A workload that achieves efficiency by delaying scaling until the last responsible moment closely meets demand but is vulnerable to unforeseen node failures and scaling delays.
Consolidating workload resources can use excess capacity and improve efficiency. However, it increases the blast radius of a malfunction in the co-located component or application platform.
Scaling in or scaling down to minimize surplus capacity can leave a workload underprovisioned during usage spikes, which leads to service disruptions due to insufficient supply.
Tradeoff: Increased complexity. Reliability prioritizes simplicity.
Using autoscaling to balance workload supply against demand introduces variability in the workload's topology and adds a component that must work correctly for the system to be reliable.
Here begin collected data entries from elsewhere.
Lemma bernoulli_mul_le1 (p : R) n : 0 <= p -> p <= 1 ->
  (1 - p) ^+ n * (1 + n%:R * p) <= 1.
Proof.
move=> p0 p1; elim: n => [|n IH]; first by rewrite expr0 mul1r mul0r addr0.
rewrite exprS -mulrA; apply: le_trans IH.
have q0 : 0 <= (1 - p) ^+ n by rewrite exprn_ge0 // subr_ge0.
move: q0; set q := (1 - p) ^+ n => q0.
have n0 : 0 <= n%:R :> R by [].
have h : 0 <= q * (p * (n%:R * p + p)) by rewrite !mulr_ge0 // addr_ge0 // mulr_ge0.
rewrite -natr1; nra.
Qed.

Lemma geometric_mul_le (n e p : R) : 0 <= n -> 0 < e -> 0 < p -> p <= 1 ->
  exists N : nat, n * (1 - p) ^+ N.+1 <= e.
Proof.
move=> n0 e0 p0 p1; exists (Num.truncn (n / (e * p))).
set m : R := (Num.truncn (n / (e * p))).+1%:R.
have hm : n < m * (e * p) by rewrite -ltr_pdivrMr ?mulr_gt0 //; exact: truncnS_gt.
have hb := bernoulli_mul_le1 (Num.truncn (n / (e * p))).+1 (ltW p0) p1.
have q0 : 0 <= (1 - p) ^+ (Num.truncn (n / (e * p))).+1 by rewrite exprn_ge0 // subr_ge0.
move: hb q0; rewrite -/m; set q := (1 - p) ^+ _ => hb q0.
have h : n * q <= m * (e * p) * q by rewrite ler_wpM2r // ltW.
nra.
Qed.

Lemma exists_small_step (D e : R) : 0 <= D -> 0 < e ->
  exists2 dl, 0 < dl <= 1 & dl * D <= e.
Proof.
move=> D0 e0; exists (e / (D + e)).
  by rewrite divr_gt0 ?ler_pdivrMr /=; lra.
by rewrite mulrAC ler_pdivrMr; nra.
Qed.

(* Used with [u = expR (tau * dl / 4)]: a recovery gap exceeds [dl] with
   probability [u ^- 4] and is at most [dl / 2] with probability [1 - u ^- 2]. *)
Lemma block_length_tradeoff (A e u : R) : 0 <= A -> 1 <= u -> 2 * A <= e * u ->
  let L := (Num.truncn (u ^+ 3)).+1 in
  A * L%:R / u ^+ 4 <= e /\ A * (1 - (u ^+ 2)^-1) ^+ L <= e.
Proof.
move=> A0 u1 hA L; have u0 : 0 < u by lra.
have u3 : 1 <= u ^+ 3 by exact: exprn_ege1.
have hLu : u ^+ 3 < L%:R by exact: truncnS_gt.
have hLu' : L%:R <= u ^+ 3 + 1 by rewrite -natr1 lerD2r truncn_le exprn_ge0 // ltW.
split.
  rewrite ler_pdivrMr ?exprn_gt0 // [u ^+ 4]exprSr.
  have h1 : A * L%:R <= A * (2 * u ^+ 3) by rewrite ler_wpM2l //; lra.
  have h2 : 2 * A * u ^+ 3 <= e * u * u ^+ 3 by rewrite ler_wpM2r // exprn_ge0 // ltW.
  by apply: le_trans h1 _; rewrite (mulrC (u ^+ 3)) mulrA; lra.
set q := (u ^+ 2)^-1.
have q0 : 0 <= q by rewrite invr_ge0 exprn_ge0 // ltW.
have q1 : q <= 1 by rewrite invf_le1 ?exprn_gt0 // exprn_ege1.
have hb := bernoulli_mul_le1 L q0 q1.
have uq : u <= L%:R * q.
  by rewrite ler_pdivlMr ?exprn_gt0 // -exprS ltW.
have Y0 : 0 <= (1 - q) ^+ L by rewrite exprn_ge0 // subr_ge0.
have Yu : (1 - q) ^+ L * u <= 1.
  by apply: le_trans hb; apply: ler_wpM2l => //; lra.
rewrite -(ler_pM2r u0) -mulrA; apply: (@le_trans _ _ A); last lra.
by rewrite -[leRHS]mulr1 ler_wpM2l.
Qed.

Lemma recovery_block_choice (A e dl : R) : 0 <= A -> 0 < e -> 0 < dl ->
  exists tau0 : R, forall tau, tau0 <= tau -> exists L : nat,
    A * L%:R * expR (- tau * dl) <= e /\ A * (1 - expR (- tau * (dl / 2))) ^+ L <= e.
Proof.
move=> A0 e0 dl0; exists (8 * A / (e * dl)) => tau tau_ge.
have tau0 : 0 <= tau.
  by apply: le_trans tau_ge; rewrite divr_ge0 ?mulr_ge0 // ltW.
set u := expR (tau * dl / 4).
have x0 : 0 <= tau * dl / 4 by rewrite divr_ge0 ?mulr_ge0 // ltW.
have ux : 1 + tau * dl / 4 <= u := expR_ge1Dx _.
have u1 : 1 <= u by lra.
have hA : 2 * A <= e * u.
  have := ler_wpM2l (ltW e0) ux.
  move: tau_ge; rewrite ler_pdivrMr ?mulr_gt0 //; lra.
have [h1 h2] := block_length_tradeoff A0 u1 hA.
have E4 : expR (- tau * dl) = (u ^+ 4)^-1.
  by rewrite /u -expRM_natr -expRN; congr expR; field.
have E2 : expR (- tau * (dl / 2)) = (u ^+ 2)^-1.
  by rewrite /u -expRM_natr -expRN; congr expR; field.
by exists (Num.truncn (u ^+ 3)).+1; rewrite E4 E2.
Qed.

End real_inequalities.

Section exponential_distribution.
Variable R : realType.

Lemma exponential_prob_itvNy0 (r : R) : exponential_prob r `]-oo, 0[ = 0%E.
Proof.
rewrite /exponential_prob integral0_eq // => x /=; rewrite in_itv /= => x0.
by rewrite lt0_exponential_pdf.
Qed.

Lemma exponential_prob_itvNyc (r a : R) : 0 < r -> 0 < a ->
  exponential_prob r `]-oo, a] = (1 - (expR (- r * a))%:E)%E.
Proof.
move=> r0 a0.
have -> : [set` `]-oo, a]] = [set` `]-oo, 0[] `|` [set` `[0, a]] :> set R.
  apply/seteqP; split => x /=; rewrite !in_itv /=.
    by move=> xa; case: (ltP x 0) => x0; [left|right; rewrite xa andbT].
  by case=> [x0|/andP[_ ->]] //; apply: ltW; apply: lt_trans a0.
rewrite /exponential_prob ge0_integral_setU //=.
- rewrite -/(exponential_prob r _) exponential_prob_itvNy0 add0e.
  by rewrite -/(exponential_prob r _) exponential_prob_itv0c.
- apply/measurable_EFinP; apply: measurable_funTS.
  exact: measurable_exponential_pdf.
- by move=> x _; rewrite lee_fin exponential_pdf_ge0 // ltW.
- apply/disj_setPS => x [/=]; rewrite !in_itv /= => x0 /andP[x0' _].
  by move: (lt_le_trans x0 x0'); rewrite ltxx.
Qed.

Lemma exponential_prob_itvcy (r a : R) : 0 < r -> 0 < a ->
  exponential_prob r `]a, +oo[ = (expR (- r * a))%:E.
Proof.
move=> r0 a0; have mP := @measurable_itv R.
rewrite -setCitvl probability_setC //.
change (1 - exponential_prob r `]-oo, a] = (expR (- r * a))%:E)%E.
rewrite exponential_prob_itvNyc //.
by rewrite oppeB // addeA subee // add0e.
Qed.

Lemma exponential_prob_itv_le (r a b : R) : 0 <= r -> a <= b ->
  (exponential_prob r `[a, b] <= (r * (b - a))%:E)%E.
Proof.
move=> r0 ab; rewrite /exponential_prob.
apply: (@le_trans _ _ (\int[lebesgue_measure]_(x in `[a, b]) (cst r%:E x))%E).
  apply: ge0_le_integral => //.
  - by move=> x _; rewrite lee_fin exponential_pdf_ge0.
  - apply/measurable_EFinP; apply: measurable_funTS.
    exact: measurable_exponential_pdf.
  - move=> x _; rewrite lee_fin /exponential_pdf patchE.
    case: ifPn => //; rewrite inE /= in_itv /= andbT => x0.
    by rewrite -[leRHS]mulr1 ler_wpM2l // expR_le1 mulNr oppr_le0 mulr_ge0.
have := lebesgue_measure_itv `[a, b]; rewrite integral_cst //= => ->.
by rewrite lte_fin; case: ltgtP ab => // -> _; rewrite mule0 subrr mulr0.
Qed.

End exponential_distribution.

Lemma In_mem (T : eqType) (x : T) (s : seq T) : List.In x s <-> x \in s.
Proof.
elim: s => [|a s IH] //=; rewrite in_cons; split.
  by case=> [->|/IH ->]; rewrite ?eqxx ?orbT.
by case/orP => [/eqP ->|/IH]; [left|right].
Qed.

Lemma uniq_NoDup (T : eqType) (s : seq T) : uniq s -> List.NoDup s.
Proof.
elim: s => [|a s IH] /=; first by constructor.
case/andP => a_s s_uniq; constructor; last exact: IH.
by rewrite In_mem; apply/negP.
Qed.

Section bigcap_List_In.
Variables (T I : Type) (F : I -> set T).

Lemma bigcap_In_nil : \bigcap_(i in [set i | List.In i [::]]) F i = setT.
Proof. by apply/seteqP; split => w //= _ i. Qed.

Lemma bigcap_In_cons a s : \bigcap_(i in [set i | List.In i (a :: s)]) F i =
  F a `&` \bigcap_(i in [set i | List.In i s]) F i.
Proof.
apply/seteqP; split => w /=.
  by move=> H; split; [apply: H; left|move=> i Hi; apply: H; right].
by case=> Ha Hs i [<-|Hi] //; apply: Hs.
Qed.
Autoscaling leads to triggering more application lifecycle events, like starting and stopping.
Data partitioning and sharding help avoid performance issues in large or frequently accessed datasets. However, the implementation of these patterns increases complexity because (eventual) consistency needs to be maintained across additional resources.
Denormalizing data for optimized access patterns can improve performance, but it introduces complexity because multiple representations of data need to be kept synchronized.
Performance-centric cloud design patterns sometimes necessitate the introduction of additional components. The use of these components increases the surface area of the workload. The components then must themselves be made reliable to keep the whole workload reliable. Examples include:
- A message bus for load leveling, which introduces a critical, stateful component.
- A load balancer for autoscaled replicas, which requires reliable operation and the enlistment of replicas.
- Offloading data to caches, which requires reliable cache invalidation approaches.
Tradeoff: Testing and observation on active environments. Avoiding the unnecessary use of production systems is a self-preservation and risk avoidance approach for reliability.
Performance testing in active environments, like the use of synthetic transactions, carries the risk of causing malfunctions due to the test actions or configurations.
Workloads should be instrumented with an application performance monitoring (APM) system that enables teams to learn from active environments. The APM tooling is installed and configured in application code or in the hosting environment. Improper use, exceeding limitations, or misconfiguration of the tool can compromise its functionality and maintenance, potentially undermining reliability.
Performance Efficiency tradeoffs with Security
Tradeoff: Reduction of security controls. Security controls are established across multiple layers, sometimes redundantly, to provide defense in depth.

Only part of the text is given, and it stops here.